* TASK STATEMENT *
Among the lines below, copy exactly those from the one with "replace eps with" through the one with "(* For every", counting both ends.

* DATA *
________________________________________

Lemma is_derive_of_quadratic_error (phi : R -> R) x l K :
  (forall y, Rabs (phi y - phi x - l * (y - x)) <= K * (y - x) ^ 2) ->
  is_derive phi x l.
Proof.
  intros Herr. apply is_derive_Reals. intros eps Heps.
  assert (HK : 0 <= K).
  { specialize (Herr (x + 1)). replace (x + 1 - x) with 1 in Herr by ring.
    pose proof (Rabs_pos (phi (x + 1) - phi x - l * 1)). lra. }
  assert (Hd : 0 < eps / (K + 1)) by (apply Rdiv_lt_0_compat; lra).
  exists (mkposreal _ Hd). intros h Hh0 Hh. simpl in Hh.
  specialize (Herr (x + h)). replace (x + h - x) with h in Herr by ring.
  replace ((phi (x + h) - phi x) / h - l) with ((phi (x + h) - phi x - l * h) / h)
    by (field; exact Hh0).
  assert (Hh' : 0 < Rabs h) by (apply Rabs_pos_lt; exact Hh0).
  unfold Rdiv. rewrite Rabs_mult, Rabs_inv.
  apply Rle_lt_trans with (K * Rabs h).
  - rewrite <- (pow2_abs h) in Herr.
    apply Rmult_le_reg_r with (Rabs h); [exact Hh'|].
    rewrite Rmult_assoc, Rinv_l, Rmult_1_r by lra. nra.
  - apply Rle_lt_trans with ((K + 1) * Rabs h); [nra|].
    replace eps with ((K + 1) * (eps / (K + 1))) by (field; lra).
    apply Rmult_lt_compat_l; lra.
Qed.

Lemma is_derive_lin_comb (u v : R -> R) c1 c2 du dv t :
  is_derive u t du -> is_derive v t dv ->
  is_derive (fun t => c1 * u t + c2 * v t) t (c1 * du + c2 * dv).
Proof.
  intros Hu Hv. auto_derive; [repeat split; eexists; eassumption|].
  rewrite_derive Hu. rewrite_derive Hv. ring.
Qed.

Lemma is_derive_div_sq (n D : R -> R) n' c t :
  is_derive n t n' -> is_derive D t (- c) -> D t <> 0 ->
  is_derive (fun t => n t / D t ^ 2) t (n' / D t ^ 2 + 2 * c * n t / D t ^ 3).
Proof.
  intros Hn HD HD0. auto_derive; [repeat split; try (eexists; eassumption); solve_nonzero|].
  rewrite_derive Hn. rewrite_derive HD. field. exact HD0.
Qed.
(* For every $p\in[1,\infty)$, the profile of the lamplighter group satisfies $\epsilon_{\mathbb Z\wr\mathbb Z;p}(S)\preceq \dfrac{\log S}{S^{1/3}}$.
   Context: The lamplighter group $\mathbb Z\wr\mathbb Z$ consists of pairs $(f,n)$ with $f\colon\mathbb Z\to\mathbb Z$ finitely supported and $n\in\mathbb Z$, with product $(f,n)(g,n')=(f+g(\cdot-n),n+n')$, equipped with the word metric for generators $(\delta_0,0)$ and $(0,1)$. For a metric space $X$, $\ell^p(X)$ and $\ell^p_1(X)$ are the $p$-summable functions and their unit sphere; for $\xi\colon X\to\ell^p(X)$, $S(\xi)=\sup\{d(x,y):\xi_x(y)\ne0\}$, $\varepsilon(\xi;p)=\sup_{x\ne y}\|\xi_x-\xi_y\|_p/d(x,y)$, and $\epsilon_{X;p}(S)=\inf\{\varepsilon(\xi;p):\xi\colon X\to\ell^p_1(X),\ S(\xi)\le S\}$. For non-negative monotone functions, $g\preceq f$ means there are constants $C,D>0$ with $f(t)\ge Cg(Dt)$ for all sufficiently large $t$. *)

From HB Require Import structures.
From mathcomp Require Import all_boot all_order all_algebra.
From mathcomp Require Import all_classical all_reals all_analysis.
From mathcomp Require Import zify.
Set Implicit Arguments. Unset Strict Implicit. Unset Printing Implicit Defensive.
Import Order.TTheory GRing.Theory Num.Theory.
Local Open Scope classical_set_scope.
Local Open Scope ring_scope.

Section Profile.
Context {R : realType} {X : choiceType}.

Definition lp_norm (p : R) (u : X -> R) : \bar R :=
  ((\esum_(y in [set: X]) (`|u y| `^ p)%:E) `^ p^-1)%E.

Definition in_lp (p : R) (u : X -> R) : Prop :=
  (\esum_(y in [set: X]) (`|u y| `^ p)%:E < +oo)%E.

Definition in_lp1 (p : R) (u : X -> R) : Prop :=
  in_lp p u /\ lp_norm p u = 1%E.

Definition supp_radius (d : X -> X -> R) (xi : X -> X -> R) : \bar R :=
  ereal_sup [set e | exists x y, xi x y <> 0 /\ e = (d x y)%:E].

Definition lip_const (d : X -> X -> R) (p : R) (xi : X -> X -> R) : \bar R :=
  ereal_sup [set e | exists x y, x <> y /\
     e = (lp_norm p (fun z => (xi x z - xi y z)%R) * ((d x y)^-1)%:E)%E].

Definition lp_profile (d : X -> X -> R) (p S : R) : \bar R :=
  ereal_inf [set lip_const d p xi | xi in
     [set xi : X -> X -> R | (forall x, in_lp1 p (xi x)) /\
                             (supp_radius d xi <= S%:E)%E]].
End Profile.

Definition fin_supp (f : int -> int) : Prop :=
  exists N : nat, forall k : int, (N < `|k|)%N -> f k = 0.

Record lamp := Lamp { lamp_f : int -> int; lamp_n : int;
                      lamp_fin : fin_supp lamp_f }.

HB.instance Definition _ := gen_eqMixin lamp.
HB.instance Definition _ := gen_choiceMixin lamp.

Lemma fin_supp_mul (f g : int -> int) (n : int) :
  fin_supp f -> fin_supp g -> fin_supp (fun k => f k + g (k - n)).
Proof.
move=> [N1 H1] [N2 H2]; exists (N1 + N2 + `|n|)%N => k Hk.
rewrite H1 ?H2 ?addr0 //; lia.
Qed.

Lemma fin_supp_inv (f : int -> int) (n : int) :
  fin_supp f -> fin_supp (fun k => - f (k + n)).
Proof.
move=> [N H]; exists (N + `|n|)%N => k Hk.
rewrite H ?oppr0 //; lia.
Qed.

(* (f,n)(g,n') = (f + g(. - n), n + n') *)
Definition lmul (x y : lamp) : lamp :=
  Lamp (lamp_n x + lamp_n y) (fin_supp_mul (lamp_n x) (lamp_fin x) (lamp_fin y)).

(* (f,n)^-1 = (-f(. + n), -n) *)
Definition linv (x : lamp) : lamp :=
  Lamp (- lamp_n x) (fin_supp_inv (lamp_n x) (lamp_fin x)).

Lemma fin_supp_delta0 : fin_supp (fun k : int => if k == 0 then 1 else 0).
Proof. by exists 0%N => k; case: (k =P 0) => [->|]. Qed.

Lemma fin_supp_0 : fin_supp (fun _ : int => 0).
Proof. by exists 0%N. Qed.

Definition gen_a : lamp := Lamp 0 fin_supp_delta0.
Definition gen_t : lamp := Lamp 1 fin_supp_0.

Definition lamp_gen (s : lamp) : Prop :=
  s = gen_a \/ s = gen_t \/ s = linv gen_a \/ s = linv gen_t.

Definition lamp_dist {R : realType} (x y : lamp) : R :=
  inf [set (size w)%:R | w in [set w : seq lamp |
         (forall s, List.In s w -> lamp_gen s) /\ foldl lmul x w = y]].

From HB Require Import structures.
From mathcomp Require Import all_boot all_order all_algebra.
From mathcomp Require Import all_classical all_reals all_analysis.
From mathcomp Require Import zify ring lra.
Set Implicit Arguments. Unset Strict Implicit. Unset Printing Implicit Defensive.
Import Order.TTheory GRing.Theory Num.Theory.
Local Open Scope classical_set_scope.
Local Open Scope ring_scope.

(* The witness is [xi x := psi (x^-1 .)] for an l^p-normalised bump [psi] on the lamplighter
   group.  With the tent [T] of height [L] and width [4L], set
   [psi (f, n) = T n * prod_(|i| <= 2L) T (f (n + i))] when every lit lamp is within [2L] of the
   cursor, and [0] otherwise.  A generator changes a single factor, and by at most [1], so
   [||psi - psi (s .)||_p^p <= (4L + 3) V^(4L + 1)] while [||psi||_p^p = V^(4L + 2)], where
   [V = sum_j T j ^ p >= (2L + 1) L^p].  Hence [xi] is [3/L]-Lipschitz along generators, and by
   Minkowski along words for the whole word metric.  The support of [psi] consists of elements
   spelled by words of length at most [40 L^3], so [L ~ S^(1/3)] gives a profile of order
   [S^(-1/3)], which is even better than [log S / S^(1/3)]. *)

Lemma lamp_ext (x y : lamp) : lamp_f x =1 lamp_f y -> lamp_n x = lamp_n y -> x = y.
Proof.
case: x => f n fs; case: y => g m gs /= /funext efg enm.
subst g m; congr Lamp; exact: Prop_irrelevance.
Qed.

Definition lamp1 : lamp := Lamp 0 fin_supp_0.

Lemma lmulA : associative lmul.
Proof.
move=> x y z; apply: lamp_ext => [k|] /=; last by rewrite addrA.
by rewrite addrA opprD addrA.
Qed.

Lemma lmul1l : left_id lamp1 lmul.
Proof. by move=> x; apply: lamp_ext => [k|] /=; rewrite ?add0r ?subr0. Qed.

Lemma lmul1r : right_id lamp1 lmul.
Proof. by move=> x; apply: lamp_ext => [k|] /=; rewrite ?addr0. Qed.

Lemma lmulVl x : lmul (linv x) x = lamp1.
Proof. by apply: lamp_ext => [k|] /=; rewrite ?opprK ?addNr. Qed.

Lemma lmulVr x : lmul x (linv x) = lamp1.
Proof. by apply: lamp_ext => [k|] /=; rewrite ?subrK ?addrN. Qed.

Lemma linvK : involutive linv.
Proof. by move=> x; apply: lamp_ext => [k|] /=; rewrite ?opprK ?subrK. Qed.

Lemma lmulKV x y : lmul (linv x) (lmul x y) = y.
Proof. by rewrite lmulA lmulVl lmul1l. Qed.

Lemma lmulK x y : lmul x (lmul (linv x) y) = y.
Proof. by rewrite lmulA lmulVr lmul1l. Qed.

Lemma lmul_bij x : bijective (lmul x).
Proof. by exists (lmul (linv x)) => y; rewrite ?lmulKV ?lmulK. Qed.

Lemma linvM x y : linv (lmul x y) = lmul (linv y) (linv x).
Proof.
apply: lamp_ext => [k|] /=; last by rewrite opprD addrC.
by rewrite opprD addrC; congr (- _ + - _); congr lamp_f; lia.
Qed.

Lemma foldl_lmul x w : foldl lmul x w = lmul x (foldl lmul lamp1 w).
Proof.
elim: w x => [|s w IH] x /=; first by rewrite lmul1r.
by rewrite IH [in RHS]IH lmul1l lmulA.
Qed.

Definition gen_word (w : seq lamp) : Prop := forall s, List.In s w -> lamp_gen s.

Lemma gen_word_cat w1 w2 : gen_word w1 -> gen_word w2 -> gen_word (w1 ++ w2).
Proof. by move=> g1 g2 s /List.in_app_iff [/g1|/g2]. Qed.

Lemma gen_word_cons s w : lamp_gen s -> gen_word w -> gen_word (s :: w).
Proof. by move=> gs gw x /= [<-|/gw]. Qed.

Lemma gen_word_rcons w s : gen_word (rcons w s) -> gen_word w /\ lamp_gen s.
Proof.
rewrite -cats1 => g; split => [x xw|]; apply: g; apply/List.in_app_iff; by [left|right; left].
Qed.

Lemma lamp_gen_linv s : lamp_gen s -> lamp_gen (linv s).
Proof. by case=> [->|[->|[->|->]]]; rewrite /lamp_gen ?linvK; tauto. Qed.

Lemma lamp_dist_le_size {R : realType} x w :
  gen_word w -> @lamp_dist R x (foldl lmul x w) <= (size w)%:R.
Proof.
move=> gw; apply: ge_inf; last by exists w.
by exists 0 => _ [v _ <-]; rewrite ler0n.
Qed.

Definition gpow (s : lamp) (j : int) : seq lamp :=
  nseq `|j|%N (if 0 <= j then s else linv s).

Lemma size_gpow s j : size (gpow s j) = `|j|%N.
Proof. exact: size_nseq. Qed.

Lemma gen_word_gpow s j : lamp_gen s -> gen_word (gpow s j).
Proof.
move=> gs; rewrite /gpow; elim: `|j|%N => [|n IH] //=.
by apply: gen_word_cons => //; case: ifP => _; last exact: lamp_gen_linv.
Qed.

________________________________________

* EXERCISE SOLUTION *
    replace eps with ((K + 1) * (eps / (K + 1))) by (field; lra).
    apply Rmult_lt_compat_l; lra.
Qed.

Lemma is_derive_lin_comb (u v : R -> R) c1 c2 du dv t :
  is_derive u t du -> is_derive v t dv ->
  is_derive (fun t => c1 * u t + c2 * v t) t (c1 * du + c2 * dv).
Proof.
  intros Hu Hv. auto_derive; [repeat split; eexists; eassumption|].
  rewrite_derive Hu. rewrite_derive Hv. ring.
Qed.

Lemma is_derive_div_sq (n D : R -> R) n' c t :
  is_derive n t n' -> is_derive D t (- c) -> D t <> 0 ->
  is_derive (fun t => n t / D t ^ 2) t (n' / D t ^ 2 + 2 * c * n t / D t ^ 3).
Proof.
  intros Hn HD HD0. auto_derive; [repeat split; try (eexists; eassumption); solve_nonzero|].
  rewrite_derive Hn. rewrite_derive HD. field. exact HD0.
Qed.
(* For every $p\in[1,\infty)$, the profile of the lamplighter group satisfies $\epsilon_{\mathbb Z\wr\mathbb Z;p}(S)\preceq \dfrac{\log S}{S^{1/3}}$.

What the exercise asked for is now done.